Taxing online giants isn't as simple as it might appear – Scotsman comment

The low amount of tax paid by online tech giants has been an issue that has festered for years all over the world.

In April last year, Chancellor Rishi Sunak introduced a two per cent tax on digital sales, partly in response to firms’ habit of re-routing profits through countries where the taxes are low. Companies like Amazon, Google and Facebook needed to “pay their fair share of tax”, he said.

And, we can all agree, fairness in taxation is an important concept.

High street retailers must look at the levels of tax paid by online rivals with considerable envy.

A large department store in Glasgow could pay more than £1 million a year in rates alone, as well as employing a large number of people and providing wider economic benefits by, for example, indirectly supporting local businesses like sandwich shops where staff and customers buy their lunch.

But such stores and many more smaller ones have been closing down in cities and towns all over the country – reducing the tax revenue for the government and ending the livelihoods of vast numbers of workers – while internet rivals have benefited from the internet boom during the pandemic.

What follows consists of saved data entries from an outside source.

Lemma nnd_ret {A} (a : A) : nnd (ret a).
Proof. constructor; simpl; [lra|constructor]. Qed.

Lemma inv_INR_nonneg m : 0 <= / INR m.
Proof.
  destruct m. rewrite INR_0, Rinv_0; lra.
  left; apply Rinv_0_lt_compat, lt_0_INR; lia.
Qed.

Lemma nnd_uniform {A} (l : list A) : nnd (uniform l).
Proof.
  unfold nnd, uniform. apply Forall_map, Forall_forall. intros. apply inv_INR_nonneg.
Qed.

Lemma nnd_bind {A B} (d : Defs.dist A) (k : A -> Defs.dist B) :
  nnd d -> (forall a, nnd (k a)) -> nnd (bind d k).
Proof.
  intros Hd Hk; induction d as [|[w a] d IH]; simpl; [constructor|].
  inversion Hd; subst. apply Forall_app; split; [|apply IH; auto].
  apply Forall_map. eapply Forall_impl; [|apply (Hk a)]. intros [v b]; simpl in *. nra.
Qed.

Lemma mass_ret {A} (a : A) : mass (ret a) = 1.
Proof. unfold mass; rewrite expect_ret; auto. Qed.

Lemma mass_uniform {A} (l : list A) : mass (uniform l) <= 1.
Proof.
  unfold mass. rewrite expect_uniform.
  replace (sumf l (fun _ => 1)) with (INR (length l))
    by (induction l; simpl length; [auto|rewrite S_INR; simpl; lra]).
  destruct (length l). rewrite ?INR_0, Rinv_0; lra.
  rewrite Rinv_l; [lra|]. apply not_0_INR; lia.
Qed.

Lemma mass_bind {A B} (d : Defs.dist A) (k : A -> Defs.dist B) :
  nnd d -> mass d <= 1 -> (forall a, mass (k a) <= 1) -> mass (bind d k) <= 1.
Proof.
  intros Hn Hd Hk. unfold mass in *. rewrite expect_bind.
  eapply Rle_trans; [|exact Hd]. apply expect_mono; auto.
Qed.

Lemma uniform_ge_all {A} (l : list A) f c :
  l <> [] -> (forall x, In x l -> c <= f x) -> c <= expect (uniform l) f.
Proof.
  intros Hl H. rewrite expect_uniform.
  assert (Hs : INR (length l) * c <= sumf l f).
  { clear Hl. induction l as [|x l IH]; simpl length; [rewrite INR_0; simpl; lra|].
    rewrite S_INR. simpl. pose proof (H x (or_introl eq_refl)).
    assert (INR (length l) * c <= sumf l f) by (apply IH; intros; apply H; right; auto).
    lra. }
  destruct l; [congruence|]. simpl length in *.
  assert (0 < INR (S (length l))) by (apply lt_0_INR; lia).
  apply (Rmult_le_reg_l (INR (S (length l)))); auto.
  rewrite <- Rmult_assoc, Rinv_r by lra. lra.
Qed.
End SymmetricRelation.

Lemma card_arcs_contract e S u v : symmetric e -> irreflexive e -> u \in S -> v \in S -> e u v ->
  #|arcs e S| <= #|arcs (contract e u v) (S :\ v)| + 2 + 2 * #|nbh e (nbh e S v) u|.
Proof.
move=> sym_e irr_e uS vS euv; have uv : u != v by apply: contraTneq euv => ->; rewrite irr_e.
have uSv : u \in S :\ v by rewrite !inE uv.
rewrite (card_arcsD1 sym_e irr_e vS) (card_arcsD1 sym_e irr_e uSv).
rewrite (card_arcsD1 (contract_sym u v sym_e) (contract_irr e u v) uSv).
have -> : arcs (contract e u v) (S :\ v :\ u) = arcs e (S :\ v :\ u).
  apply: eq_arcs => a b; rewrite !inE => /and3P[au _ _] /and3P[bu _ _].
  by rewrite /contract (negbTE au) (negbTE bu) /= orbF; case: eqP => [->|]; rewrite ?irr_e.
set A := nbh e (S :\ v) u; set B := nbh e S v :\ u.
have sAB : A :|: B \subset nbh (contract e u v) (S :\ v) u.
  apply/subsetP => y; rewrite !inE /contract eqxx /=.
  case/orP => [/andP[/andP[yv yS] euy]|/andP[yu /andP[yS evy]]].
    by rewrite yv yS euy /= andbT; apply: contraTneq euy => <-; rewrite irr_e.
  have yv : y != v by apply: contraTneq evy => ->; rewrite irr_e.
  by rewrite yv yS eq_sym yu evy orbT.
have cardB : #|nbh e S v| = #|B| + 1.
  by rewrite /B (cardsD1 u (nbh e S v)) !inE uS sym_e euv addnC.
have cardAB : #|A :&: B| <= #|nbh e (nbh e S v) u|.
  apply: subset_leq_card; apply/subsetP => y; rewrite !inE.
  by case/and4P => /andP[/andP[_ ->] ->] _ _ ->.
by have := cardsUI A B; have := subset_leq_card sAB; lia.
Qed.
(* Let $(x_n)$ be a nonincreasing interval-filling sequence of positive reals with cardinal function $f$. Then $\mathrm{rng}(f)=\{1,2\}$ if and only if there exists $c>0$ such that $x_n=c/2^n$ for every $n\in\mathbb{N}$.
   Context: For a summable sequence $\mathbf{x}=(x_n)$ of positive reals, $\mathcal{A}(\mathbf{x})=\{\sum_{n\in A}x_n: A\subseteq\mathbb{N}\}$ is its achievement set and its cardinal function $f$ assigns to $x\in\mathcal{A}(\mathbf{x})$ the cardinality (a positive integer, $\omega$, or $\mathfrak{c}$) of $\{(\varepsilon_n)\in\{0,1\}^{\mathbb{N}}:\sum\varepsilon_nx_n=x\}$. The sequence is interval-filling if $\mathcal{A}(\mathbf{x})$ is an interval. *)

From HB Require Import structures.
From mathcomp Require Import all_boot all_order all_algebra.
From mathcomp Require Import all_classical all_reals all_analysis.
Set Implicit Arguments. Unset Strict Implicit. Unset Printing Implicit Defensive.
Import Order.TTheory GRing.Theory Num.Theory.
Import numFieldNormedType.Exports.
Local Open Scope classical_set_scope.
Local Open Scope ring_scope.

(* sum_{n in A} x_n, with A coded by its indicator eps : nat -> bool,
   converges to y *)
Definition subsum_to {R : realType} (x : nat -> R) (eps : nat -> bool) (y : R) : Prop :=
  (fun N => \sum_(0 <= n < N) (if eps n then x n else 0)) @ \oo --> y.

Definition summable_seq {R : realType} (x : nat -> R) : Prop :=
  exists l : R, (fun N => \sum_(0 <= n < N) x n) @ \oo --> l.

Definition achievement_set {R : realType} (x : nat -> R) : set R :=
  [set y | exists eps, subsum_to x eps y].

(* the set whose cardinality is the cardinal function f(y) *)
Definition representations {R : realType} (x : nat -> R) (y : R) : set (nat -> bool) :=
  [set eps | subsum_to x eps y].

Definition interval_filling {R : realType} (x : nat -> R) : Prop :=
  forall a b z, achievement_set x a -> achievement_set x b ->
    a <= z -> z <= b -> achievement_set x z.

Definition nonincr_seq {R : realType} (x : nat -> R) : Prop :=
  forall n, x n.+1 <= x n.

Definition card_fn_is {R : realType} (x : nat -> R) (y : R) (k : nat) : Prop :=
  (representations x y #= `I_k)%card.

Definition range_card_fn_12 {R : realType} (x : nat -> R) : Prop :=
  (forall y, achievement_set x y -> card_fn_is x y 1 \/ card_fn_is x y 2) /\
  (exists y, achievement_set x y /\ card_fn_is x y 1) /\
  (exists y, achievement_set x y /\ card_fn_is x y 2).

From HB Require Import structures.
From mathcomp Require Import all_boot all_order all_algebra.
From mathcomp Require Import all_classical all_reals all_analysis.
From mathcomp Require Import ring lra.
Import Order.TTheory GRing.Theory Num.Theory.
Import numFieldNormedType.Exports.
Local Open Scope classical_set_scope.
Local Open Scope ring_scope.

Figures released in September showed that Amazon paid £293 million in tax in the UK over the previous year, on sales that totalled nearly £14 billion. And while the growth of online retail has benefited firms like couriers who deliver the parcels, it has nothing like the same economic ecosystem that grows up around physical stores.

So Scottish Labour’s plan to put extra taxes on online corporations such as Amazon is perfectly understandable and may be reasonable. This is an issue most parties are thinking about.

Amazon founder Jeff Bezos, seen wearing sunglasses at Wimbledon in 2019, is the world's richest person (Picture: Mike Egerton/PA Wire)

But there are risks of imposing extra digital taxes.

The internet has expanded the potential customer base for many Scottish businesses, particularly smaller ones, from local to global, with Amazon playing a leading role.

Countries that impose higher taxes on such international transactions risk falling behind those that do not in building the kind of economy suited for the 21st century. It could create a pressure on companies based here to move to England – and, given time, start-ups can become giants.

So caution is required when seeking to replace lost sources of government revenue, and to make taxation fair.